### Data for this exercise:
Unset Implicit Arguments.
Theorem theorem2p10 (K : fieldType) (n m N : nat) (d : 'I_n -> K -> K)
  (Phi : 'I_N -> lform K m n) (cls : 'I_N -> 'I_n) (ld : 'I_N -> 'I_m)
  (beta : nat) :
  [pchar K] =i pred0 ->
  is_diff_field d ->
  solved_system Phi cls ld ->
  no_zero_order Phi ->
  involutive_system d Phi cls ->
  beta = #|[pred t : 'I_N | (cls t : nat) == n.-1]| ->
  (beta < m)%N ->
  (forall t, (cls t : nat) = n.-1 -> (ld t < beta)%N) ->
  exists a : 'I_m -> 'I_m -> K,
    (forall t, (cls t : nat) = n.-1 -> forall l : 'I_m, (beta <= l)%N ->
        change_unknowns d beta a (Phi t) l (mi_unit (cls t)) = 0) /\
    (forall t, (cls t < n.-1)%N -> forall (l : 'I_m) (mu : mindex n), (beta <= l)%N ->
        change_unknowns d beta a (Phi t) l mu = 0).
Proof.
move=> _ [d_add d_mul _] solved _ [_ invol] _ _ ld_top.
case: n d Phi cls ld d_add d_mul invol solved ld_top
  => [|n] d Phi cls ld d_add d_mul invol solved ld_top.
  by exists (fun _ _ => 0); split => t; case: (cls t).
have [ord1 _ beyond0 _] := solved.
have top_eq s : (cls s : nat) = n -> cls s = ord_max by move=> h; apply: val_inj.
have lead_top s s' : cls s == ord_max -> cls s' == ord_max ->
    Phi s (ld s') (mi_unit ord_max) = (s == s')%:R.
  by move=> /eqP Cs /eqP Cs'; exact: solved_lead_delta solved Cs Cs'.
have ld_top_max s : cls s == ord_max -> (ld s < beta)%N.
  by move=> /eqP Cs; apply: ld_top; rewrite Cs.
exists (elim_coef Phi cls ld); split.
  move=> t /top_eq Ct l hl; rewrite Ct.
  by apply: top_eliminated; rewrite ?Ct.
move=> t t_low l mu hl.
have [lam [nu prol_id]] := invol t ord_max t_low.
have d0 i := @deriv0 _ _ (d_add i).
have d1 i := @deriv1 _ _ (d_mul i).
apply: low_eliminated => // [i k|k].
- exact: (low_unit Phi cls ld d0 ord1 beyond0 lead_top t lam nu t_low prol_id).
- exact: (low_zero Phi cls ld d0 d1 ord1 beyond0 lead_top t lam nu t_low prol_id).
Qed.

--

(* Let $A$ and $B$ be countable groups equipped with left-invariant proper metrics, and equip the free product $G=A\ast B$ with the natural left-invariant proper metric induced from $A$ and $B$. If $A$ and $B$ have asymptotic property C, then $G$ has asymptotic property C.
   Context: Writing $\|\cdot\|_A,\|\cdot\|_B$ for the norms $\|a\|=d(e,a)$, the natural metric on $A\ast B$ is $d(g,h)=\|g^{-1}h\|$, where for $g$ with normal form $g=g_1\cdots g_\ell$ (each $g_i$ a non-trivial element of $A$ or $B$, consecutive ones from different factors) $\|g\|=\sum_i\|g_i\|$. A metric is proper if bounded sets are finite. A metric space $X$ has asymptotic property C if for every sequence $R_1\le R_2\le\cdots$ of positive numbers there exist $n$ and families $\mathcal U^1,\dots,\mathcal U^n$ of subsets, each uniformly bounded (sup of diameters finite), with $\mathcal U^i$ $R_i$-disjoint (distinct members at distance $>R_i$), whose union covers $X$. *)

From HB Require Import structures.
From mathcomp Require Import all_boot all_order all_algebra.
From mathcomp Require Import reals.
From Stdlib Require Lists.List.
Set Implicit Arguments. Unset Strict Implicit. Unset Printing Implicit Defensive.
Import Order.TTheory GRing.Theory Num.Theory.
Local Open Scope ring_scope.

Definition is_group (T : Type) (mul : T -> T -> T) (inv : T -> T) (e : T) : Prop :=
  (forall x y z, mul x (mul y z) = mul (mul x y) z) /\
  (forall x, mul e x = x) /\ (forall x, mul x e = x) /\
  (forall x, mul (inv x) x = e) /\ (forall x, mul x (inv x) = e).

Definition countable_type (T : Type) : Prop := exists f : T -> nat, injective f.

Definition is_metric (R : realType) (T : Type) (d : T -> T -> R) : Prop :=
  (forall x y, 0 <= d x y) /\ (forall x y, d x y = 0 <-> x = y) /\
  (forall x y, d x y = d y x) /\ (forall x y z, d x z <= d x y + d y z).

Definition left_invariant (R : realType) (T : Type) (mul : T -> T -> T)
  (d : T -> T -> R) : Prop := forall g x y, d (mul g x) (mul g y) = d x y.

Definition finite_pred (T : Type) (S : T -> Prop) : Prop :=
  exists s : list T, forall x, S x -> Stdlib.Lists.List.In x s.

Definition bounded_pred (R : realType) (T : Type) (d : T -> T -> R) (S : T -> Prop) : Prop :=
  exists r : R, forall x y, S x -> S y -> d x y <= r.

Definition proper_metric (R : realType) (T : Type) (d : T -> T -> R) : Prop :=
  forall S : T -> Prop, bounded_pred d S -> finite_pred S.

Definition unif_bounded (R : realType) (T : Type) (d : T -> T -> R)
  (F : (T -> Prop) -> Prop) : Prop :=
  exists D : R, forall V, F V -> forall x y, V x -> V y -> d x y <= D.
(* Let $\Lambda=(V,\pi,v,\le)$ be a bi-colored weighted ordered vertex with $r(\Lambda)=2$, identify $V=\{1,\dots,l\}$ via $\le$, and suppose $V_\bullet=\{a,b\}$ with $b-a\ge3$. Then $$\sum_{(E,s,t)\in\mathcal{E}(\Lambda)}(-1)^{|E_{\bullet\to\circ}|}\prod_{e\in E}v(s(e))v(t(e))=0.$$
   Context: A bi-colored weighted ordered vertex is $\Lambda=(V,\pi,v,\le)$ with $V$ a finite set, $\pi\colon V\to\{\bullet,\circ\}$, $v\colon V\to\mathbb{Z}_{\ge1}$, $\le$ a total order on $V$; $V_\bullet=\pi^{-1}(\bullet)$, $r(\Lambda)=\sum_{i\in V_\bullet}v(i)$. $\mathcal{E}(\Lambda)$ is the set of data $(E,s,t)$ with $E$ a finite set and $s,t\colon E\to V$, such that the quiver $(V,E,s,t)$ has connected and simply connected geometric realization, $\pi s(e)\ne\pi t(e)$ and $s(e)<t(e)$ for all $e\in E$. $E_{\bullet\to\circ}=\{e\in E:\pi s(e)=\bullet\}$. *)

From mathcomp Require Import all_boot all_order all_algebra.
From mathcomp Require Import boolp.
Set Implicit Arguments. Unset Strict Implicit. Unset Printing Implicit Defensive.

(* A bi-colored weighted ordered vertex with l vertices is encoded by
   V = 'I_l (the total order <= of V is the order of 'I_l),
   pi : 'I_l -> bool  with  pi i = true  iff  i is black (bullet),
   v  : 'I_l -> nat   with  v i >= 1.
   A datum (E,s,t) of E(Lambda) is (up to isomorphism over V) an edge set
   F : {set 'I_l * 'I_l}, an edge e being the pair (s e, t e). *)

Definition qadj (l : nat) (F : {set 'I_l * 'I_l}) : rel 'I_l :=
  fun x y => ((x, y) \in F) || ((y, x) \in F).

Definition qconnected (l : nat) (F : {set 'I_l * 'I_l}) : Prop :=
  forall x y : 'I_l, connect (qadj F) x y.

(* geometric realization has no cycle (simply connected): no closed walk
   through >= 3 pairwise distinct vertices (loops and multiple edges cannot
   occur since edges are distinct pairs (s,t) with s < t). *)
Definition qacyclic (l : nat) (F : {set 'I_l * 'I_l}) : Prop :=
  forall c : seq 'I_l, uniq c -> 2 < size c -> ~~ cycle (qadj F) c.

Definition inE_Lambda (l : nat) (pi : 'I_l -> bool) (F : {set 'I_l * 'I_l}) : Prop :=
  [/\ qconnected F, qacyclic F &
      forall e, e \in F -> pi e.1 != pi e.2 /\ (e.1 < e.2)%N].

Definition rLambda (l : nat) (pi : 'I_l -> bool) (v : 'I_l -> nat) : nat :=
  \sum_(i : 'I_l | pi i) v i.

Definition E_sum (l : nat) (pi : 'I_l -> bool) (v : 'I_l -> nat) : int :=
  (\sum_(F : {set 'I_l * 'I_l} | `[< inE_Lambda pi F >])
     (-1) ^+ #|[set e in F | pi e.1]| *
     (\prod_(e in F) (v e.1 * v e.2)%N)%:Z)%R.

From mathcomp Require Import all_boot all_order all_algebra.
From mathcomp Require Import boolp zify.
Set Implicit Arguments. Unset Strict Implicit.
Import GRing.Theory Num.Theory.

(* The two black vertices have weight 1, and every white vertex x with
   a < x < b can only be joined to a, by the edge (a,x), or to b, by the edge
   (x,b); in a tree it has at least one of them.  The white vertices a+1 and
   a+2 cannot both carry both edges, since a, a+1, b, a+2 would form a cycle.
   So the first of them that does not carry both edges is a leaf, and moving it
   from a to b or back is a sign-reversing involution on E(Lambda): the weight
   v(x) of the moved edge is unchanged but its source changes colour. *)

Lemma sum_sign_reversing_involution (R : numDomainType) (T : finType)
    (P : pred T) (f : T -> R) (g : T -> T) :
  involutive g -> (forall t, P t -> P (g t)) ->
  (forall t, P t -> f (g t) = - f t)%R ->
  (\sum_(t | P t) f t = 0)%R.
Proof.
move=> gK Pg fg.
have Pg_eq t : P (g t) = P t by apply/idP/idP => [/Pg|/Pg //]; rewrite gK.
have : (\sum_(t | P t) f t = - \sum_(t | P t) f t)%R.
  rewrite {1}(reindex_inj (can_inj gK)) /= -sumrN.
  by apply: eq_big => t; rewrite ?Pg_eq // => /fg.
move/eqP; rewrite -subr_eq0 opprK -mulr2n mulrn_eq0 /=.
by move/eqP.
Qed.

### Prompt:
Retype exactly the span of lines from the one with "v(x) of the" through the one with "(forall t, P t -> f (g t) = - f t)%R ->"; include both ends and omit the rest of the material.

### Task solution:
   v(x) of the moved edge is unchanged but its source changes colour. *)

Lemma sum_sign_reversing_involution (R : numDomainType) (T : finType)
    (P : pred T) (f : T -> R) (g : T -> T) :
  involutive g -> (forall t, P t -> P (g t)) ->
  (forall t, P t -> f (g t) = - f t)%R ->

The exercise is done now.